In this work, a multifunctional nanocarrier containing the bLf protein was developed as a new strategy for bLf-based antifungal applications. Superparamagnetic nanoparticles of manganese ferrite were obtained with sizes around 20 nm and a saturation magnetization of M_s = 65.32 emu/g. Furthermore, the assessment of the hyperthermia capability showed strong heating capacity in just 30 min. Plasmonic gold nanoparticles functionalized with 11-mercaptoundecanoic acid (MUA) or octadecanethiol (ODT) were also synthesized. Both types of NPs (magnetic and plasmonic) were encapsulated in liposomes of DPPC and Egg-PC, forming plasmonic magnetoliposomes (PMLs). FRET assays indicated the fusion ability of the developed PMLs with biomembrane models. Fluorescence anisotropy studies of the DPH probe allowed us to conclude that AuNPs_MUA do not significantly alter the membrane fluidity and phase transition temperature of DPPC liposomes, while the same does not happen for AuNPs_ODT. The Egg-PC liposomes were revealed to be more suitable for the incorporation of functionalized AuNPs, being chosen as nanocarriers for bLf and used in the release studies and biological assays. The encapsulation of bLf exhibited an efficiency value of 96 ± 1%, suggesting PMLs as promising nanocarriers for this protein. bLf-loaded PMLs have sizes around 200 nm, are stable for at least 5 days and have a positive zeta potential.

Finally, the biological assays allowed us to demonstrate the PMLs’ promising potential for bLf delivery into yeast cells as they are not cytotoxic per se and are able to transport and release bLf without the loss of its powerful antifungal activity.
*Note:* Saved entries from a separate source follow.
(* Let $S\in\mathbb{R}^{m\times n}$ and $x_0\in\mathbb{R}^d$. Let $(x_t)_{t\geqslant0}$ be any sequence satisfying $x_{t+1}\in x_0+H_S^{-1}\,\mathrm{span}\{\nabla f(x_0),\dots,\nabla f(x_t)\}$ for all $t\geqslant0$. Then for every $t\geqslant1$, $$\delta_t\geqslant \ell^*_t(S,x_0):=\frac12\min_{Q\in\mathbb{R}_t[X],\,Q(0)=1}\ \sum_{i=1}^d Q(\lambda_i^{-1})^2\,\xi_i^2 .$$
   Context: Let $A\in\mathbb{R}^{n\times d}$ with $n\geqslant d$, $b\in\mathbb{R}^d$, $\Lambda\in\mathbb{R}^{d\times d}$ diagonal with $\Lambda\succeq I_d$, and $\nu>0$. Set $H=A^\top A+\nu^2\Lambda$, $f(x)=\frac12 x^\top Hx-b^\top x$, $x^*=H^{-1}b$. For $S\in\mathbb{R}^{m\times n}$ set $H_S=A^\top S^\top SA+\nu^2\Lambda$ and $C_S=H^{-1/2}H_SH^{-1/2}$, with eigenvalue decomposition $C_S=\sum_{i=1}^d\lambda_iv_iv_i^\top$ ($\lambda_1\geqslant\dots\geqslant\lambda_d>0$, orthonormal $v_i$). Let $\xi_i=\langle v_i,H^{1/2}(x_0-x^* )\rangle$, $\delta_t=\frac12\|x_t-x^*\|_H^2$ with $\|z\|_H^2=z^\top Hz$, and let $\mathbb{R}_t[X]$ denote the real polynomials of degree at most $t$. *)

From HB Require Import structures.
From mathcomp Require Import all_boot all_order all_algebra.
From mathcomp Require Import classical_sets reals.
Set Implicit Arguments. Unset Strict Implicit. Unset Printing Implicit Defensive.
Import Order.TTheory GRing.Theory Num.Theory.
Local Open Scope ring_scope.

Section Defs.
Variable R : realType.

Definition Hmat (n d : nat) (A : 'M[R]_(n, d)) (Lam : 'M[R]_d) (nu : R) : 'M[R]_d :=
  A^T *m A + (nu ^+ 2) *: Lam.

Definition HSmat (m n d : nat) (S : 'M[R]_(m, n)) (A : 'M[R]_(n, d))
  (Lam : 'M[R]_d) (nu : R) : 'M[R]_d :=
  A^T *m S^T *m S *m A + (nu ^+ 2) *: Lam.

Definition fobj (d : nat) (H : 'M[R]_d) (b : 'cV[R]_d) (x : 'cV[R]_d) : R :=
  2^-1 * (x^T *m H *m x) ord0 ord0 - (b^T *m x) ord0 ord0.

(* gradient of f (H symmetric): grad f(x) = H x - b *)
Definition grad_f (d : nat) (H : 'M[R]_d) (b : 'cV[R]_d) (x : 'cV[R]_d) : 'cV[R]_d :=
  H *m x - b.

Definition xstar (d : nat) (H : 'M[R]_d) (b : 'cV[R]_d) : 'cV[R]_d := invmx H *m b.

Definition Hnorm2 (d : nat) (H : 'M[R]_d) (z : 'cV[R]_d) : R := (z^T *m H *m z) ord0 ord0.

Definition delta (d : nat) (H : 'M[R]_d) (b : 'cV[R]_d) (x : 'cV[R]_d) : R :=
  2^-1 * Hnorm2 H (x - xstar H b).

(* ell*_t = 1/2 min_{Q in R_t[X], Q(0)=1} sum_i Q(lam_i^{-1})^2 xi_i^2 ;
   the min (which is attained) is written as an infimum. *)
Definition ell_star (d : nat) (t : nat) (lam xi : 'I_d -> R) : R :=
  2^-1 * inf ([set y : R | exists Q : {poly R},
     (size Q <= t.+1)%N /\ Q.[0] = 1 /\
     y = \sum_(i < d) (Q.[(lam i)^-1]) ^+ 2 * (xi i) ^+ 2])%classic.

End Defs.

(** In the whitened coordinates [w = V^T H^{1/2} (x - x^* )] the preconditioned
    gradient step [H_S^{-1} grad f(x) = H_S^{-1} H (x - x^* )] becomes
    multiplication by the diagonal matrix [diag(lambda_i^{-1})], so by induction
    every iterate satisfies [w_t = Q_t(diag(lambda_i^{-1})) w_0] for a
    polynomial [Q_t] of degree at most [t] with [Q_t(0) = 1].  Since
    [delta_t = |w_t|^2 / 2 = 1/2 sum_i Q_t(lambda_i^{-1})^2 xi_i^2], the
    polynomial [Q_t] is a competitor in the minimum defining [ell^*_t]. *)

From HB Require Import structures.
From mathcomp Require Import all_boot all_order all_algebra.
From mathcomp Require Import classical_sets reals.
Set Implicit Arguments. Unset Strict Implicit. Unset Printing Implicit Defensive.
Import Order.TTheory GRing.Theory Num.Theory.
Local Open Scope ring_scope.

Definition residual_poly (R : nzSemiRingType) (t : nat) (Q : {poly R}) :=
  (size Q <= t.+1)%N /\ Q.[0] = 1.

Section Krylov.
Variables (R : comNzRingType) (d : nat).

Lemma residual_poly1 : residual_poly 0 (1 : {poly R}).
Proof. by rewrite /residual_poly size_poly1 hornerC. Qed.

Lemma residual_polyS t (c : 'I_t.+1 -> R) (Q : 'I_t.+1 -> {poly R}) :
  (forall k : 'I_t.+1, residual_poly k (Q k)) ->
  residual_poly t.+1 (1 + 'X * \sum_(k < t.+1) c k *: Q k).
Proof.
move=> resQ; split; last by rewrite hornerD hornerC hornerM hornerX mul0r addr0.
have size_comb : (size (\sum_(k < t.+1) c k *: Q k)%R <= t.+1)%N.
  apply: leq_trans (size_sum _ _ _) _; apply/bigmax_leqP => k _.
  apply: leq_trans (size_scale_leq _ _) _.
  by have [sizeQk _] := resQ k; apply: leq_trans sizeQk (ltn_ord k).
apply: leq_trans (size_polyD _ _) _; rewrite geq_max size_poly1.
by apply: leq_trans (size_polyMleq _ _) _; rewrite size_polyX.
Qed.

Lemma krylov_diag_residual_poly (mu : 'rV[R]_d) (w : nat -> 'cV[R]_d) :
  (forall t, exists c : 'I_t.+1 -> R,
     w t.+1 = w 0%N + diag_mx mu *m \sum_(k < t.+1) c k *: w k) ->
  forall t, exists2 Q : {poly R}, residual_poly t Q &
    forall i, w t i 0 = Q.[mu 0 i] * w 0%N i 0.
Proof.
move=> wS; elim/ltn_ind => -[_|t IH].
  by exists 1; [exact: residual_poly1 | move=> i; rewrite hornerC mul1r].
have [Q resQ wQ] := fin_all_exists2 (fun k : 'I_t.+1 => IH k (ltn_ord k)).
have [c ->] := wS t.
exists (1 + 'X * \sum_(k < t.+1) c k *: Q k); first exact: residual_polyS.
move=> i; rewrite mul_diag_mx !mxE summxE hornerD hornerC hornerM hornerX.
rewrite horner_sum mulrDl mul1r -mulrA mulr_suml; congr (_ + _ * _).
by apply: eq_bigr => k _; rewrite mxE wQ hornerZ mulrA.
Qed.

End Krylov.

Lemma posdef_unitmx (R : numFieldType) n (P : 'M[R]_n) :
  (forall z : 'cV_n, z != 0 -> 0 < (z^T *m P *m z) 0 0) -> P \in unitmx.
Proof.
move=> Ppos; rewrite unitmxE unitfE; apply/det0P => -[v v0 vP].
have /Ppos : v^T != 0 by rewrite -(inj_eq (@trmx_inj _ _ _)) trmxK trmx0.
by rewrite trmxK vP mul0mx mxE ltxx.
Qed.

Lemma mulmx1_invmx (R : comUnitRingType) n (A B : 'M[R]_n) :
  A *m B = 1%:M -> invmx A = B.
Proof.
move=> AB; have [Au _] := mulmx1_unit AB.
by rewrite -[invmx A]mulmx1 -AB mulmxA mulVmx ?mul1mx.
Qed.

Section DiagInverse.
Variables (R : fieldType) (n : nat) (mu : 'rV[R]_n).
Hypothesis mu_neq0 : forall i, mu 0 i != 0.

Lemma mulmx_diagV : diag_mx mu *m diag_mx (map_mx GRing.inv mu) = 1%:M.
Proof.
rewrite mulmx_diag -diag_const_mx; congr diag_mx.
by apply/rowP => i; rewrite !mxE divff.
Qed.

Lemma invmx_diag : invmx (diag_mx mu) = diag_mx (map_mx GRing.inv mu).
Proof. exact: mulmx1_invmx mulmx_diagV. Qed.

End DiagInverse.

Section Whitening.
Variables (R : realType) (d : nat) (P V D : 'M[R]_d) (b : 'cV[R]_d).
Hypotheses (Pu : P \in unitmx) (VtV : V^T *m V = 1%:M) (Du : D \in unitmx).

Local Notation H := (P *m P).
Local Notation HS := (P *m (V *m D *m V^T) *m P).
Local Notation w z := (V^T *m P *m (z - xstar H b)).

Lemma invmx_orthoconj : invmx HS = invmx P *m V *m invmx D *m V^T *m invmx P.
Proof.
apply: mulmx1_invmx; rewrite !mulmxA mulmxK // -(mulmxA _ V^T V) VtV mulmx1.
by rewrite mulmxK // -(mulmxA P V) (mulmx1C VtV) mulmx1 mulmxV.
Qed.

Lemma whiten_precond : V^T *m P *m invmx HS *m H = invmx D *m (V^T *m P).
Proof.
by rewrite invmx_orthoconj !mulmxA mulmxK // VtV mul1mx mulmxKV // mulmxA.
Qed.

Lemma grad_fE z : grad_f H b z = H *m (z - xstar H b).
Proof.
have Hu : H \in unitmx by rewrite unitmx_mul Pu.
by rewrite /grad_f /xstar mulmxBr mulmxA mulmxV // mul1mx.
Qed.

Lemma whitened_iterates (x : nat -> 'cV[R]_d) :
  (forall t, exists c : 'I_t.+1 -> R,
     x t.+1 = x 0%N + invmx HS *m \sum_(k < t.+1) c k *: grad_f H b (x k)) ->
  forall t, exists c : 'I_t.+1 -> R,
     w (x t.+1) = w (x 0%N) + invmx D *m \sum_(k < t.+1) c k *: w (x k).
Proof.
move=> xS t; have [c ->] := xS t; exists c.
rewrite addrAC mulmxDr; congr (_ + _); rewrite (mulmxA (V^T *m P)) !mulmx_sumr.
apply: eq_bigr => k _; rewrite grad_fE -!scalemxAr.
by rewrite (mulmxA (_ *m invmx HS)) whiten_precond -mulmxA.
Qed.

Hypothesis PT : P^T = P.

Lemma Hnorm2_whiten z : Hnorm2 H z = \sum_i (V^T *m P *m z) i 0 ^+ 2.
Proof.
rewrite /Hnorm2; have -> : z^T *m H *m z = (V^T *m P *m z)^T *m (V^T *m P *m z).
  by rewrite !trmx_mul PT trmxK !mulmxA -(mulmxA _ V) (mulmx1C VtV) mulmx1.
by rewrite mxE; apply: eq_bigr => i _; rewrite mxE expr2.
Qed.

End Whitening.

Lemma ell_star_le (R : realType) d t (lam xi : 'I_d -> R) (Q : {poly R}) :
  residual_poly t Q ->
  ell_star t lam xi <= 2^-1 * \sum_(i < d) Q.[(lam i)^-1] ^+ 2 * xi i ^+ 2.
Proof.
move=> [sizeQ Q0]; rewrite /ell_star ler_wpM2l ?invr_ge0 ?ler0n //.
apply: ge_inf; last by exists Q.
exists 0 => _ [Q' [_ [_ ->]]].
by apply: sumr_ge0 => i _; rewrite mulr_ge0 ?sqr_ge0.
Qed.

Theorem lemma3p1 (R : realType) (n d m : nat) (A : 'M[R]_(n, d)) (b : 'cV[R]_d)
  (lamb : 'rV[R]_d) (nu : R) (S : 'M[R]_(m, n)) (x0 : 'cV[R]_d)
  (P : 'M[R]_d) (V : 'M[R]_d) (lam : 'I_d -> R) (x : nat -> 'cV[R]_d) :
  (d <= n)%N ->
  (forall i, 1 <= lamb ord0 i) ->
  0 < nu ->
  (* P = H^{1/2}: the symmetric positive definite square root of H *)
  P^T = P ->
  (forall z : 'cV[R]_d, z != 0 -> 0 < (z^T *m P *m z) ord0 ord0) ->
  P *m P = Hmat A (diag_mx lamb) nu ->
  (* eigenvalue decomposition C_S = sum_i lam_i v_i v_i^T, v_i = i-th column of V *)
  V^T *m V = 1%:M ->
  invmx P *m HSmat S A (diag_mx lamb) nu *m invmx P = V *m diag_mx (\row_i lam i) *m V^T ->
  (forall i j : 'I_d, (i <= j)%N -> lam j <= lam i) ->
  (forall i, 0 < lam i) ->
  (* the iterates *)
  x 0%N = x0 ->
  (forall t : nat, exists c : 'I_t.+1 -> R,
     x t.+1 = x0 + invmx (HSmat S A (diag_mx lamb) nu) *m
       \sum_(k < t.+1) c k *: grad_f (Hmat A (diag_mx lamb) nu) b (x k)) ->
  forall t : nat, (1 <= t)%N ->
    delta (Hmat A (diag_mx lamb) nu) b (x t) >=
    ell_star t lam (fun i => ((col i V)^T *m P *m
                         (x0 - xstar (Hmat A (diag_mx lamb) nu) b)) ord0 ord0).
Proof.
move=> _ _ _ PT Ppos PP VtV hC _ lam_gt0 <- xS t _.
set HS := HSmat _ _ _ _ in hC xS; rewrite -{}PP in xS *.
have lam_neq0 i : (\row_i lam i) 0 i != 0 by rewrite mxE gt_eqF.
have Pu := posdef_unitmx Ppos.
have [Du _] := mulmx1_unit (mulmx_diagV lam_neq0).
have HSE : HS = P *m (V *m diag_mx (\row_i lam i) *m V^T) *m P.
  by rewrite -hC !mulmxA mulmxV // mul1mx mulmxKV.
rewrite {}HSE in xS; have := whitened_iterates Pu VtV Du xS.
rewrite invmx_diag // => /(krylov_diag_residual_poly
  (w := fun k => V^T *m P *m (x k - xstar (P *m P) b)))/(_ t)[Q resQ wQ].
apply: le_trans (ell_star_le _ _ resQ) _.
rewrite /delta (Hnorm2_whiten VtV PT) le_eqVlt; apply/predU1l; congr (_ * _).
apply: eq_bigr => i _.
by rewrite wQ tr_col -!row_mul !mxE exprMn.
Qed.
Moreover, the internalization assays suggest that the uptake of bLf-loaded PMLs is mainly mediated by an energy- and temperature-dependent and MβCD-inhibitable endocytic process. However, the contribution of a diffusion component to PMLs uptake by yeast cells cannot be discarded. All these features constitute an added value of the developed nanosystems for their use as bLf nanocarriers. Indeed, the encapsulation of bLf in the developed nanocarriers may be a solution to preserve its tertiary structure-dependent biological activities and avoid degradation, which will likely increase the local amount of intact bLf reaching the therapeutic target. The biological activity of bLf, in combination with dual hyperthermia (promoted by both magnetic stimuli and laser irradiation), is advantageous for developing therapeutic applications based on bLf, namely in the treatment of antifungal infections.

In summary, the developed multifunctional nanosystems appear as excellent transport vehicles for bLf, allowing for combined magnetic hyperthermia and photothermia and the efficient release of this protein, constituting a promising approach for antifungal therapies.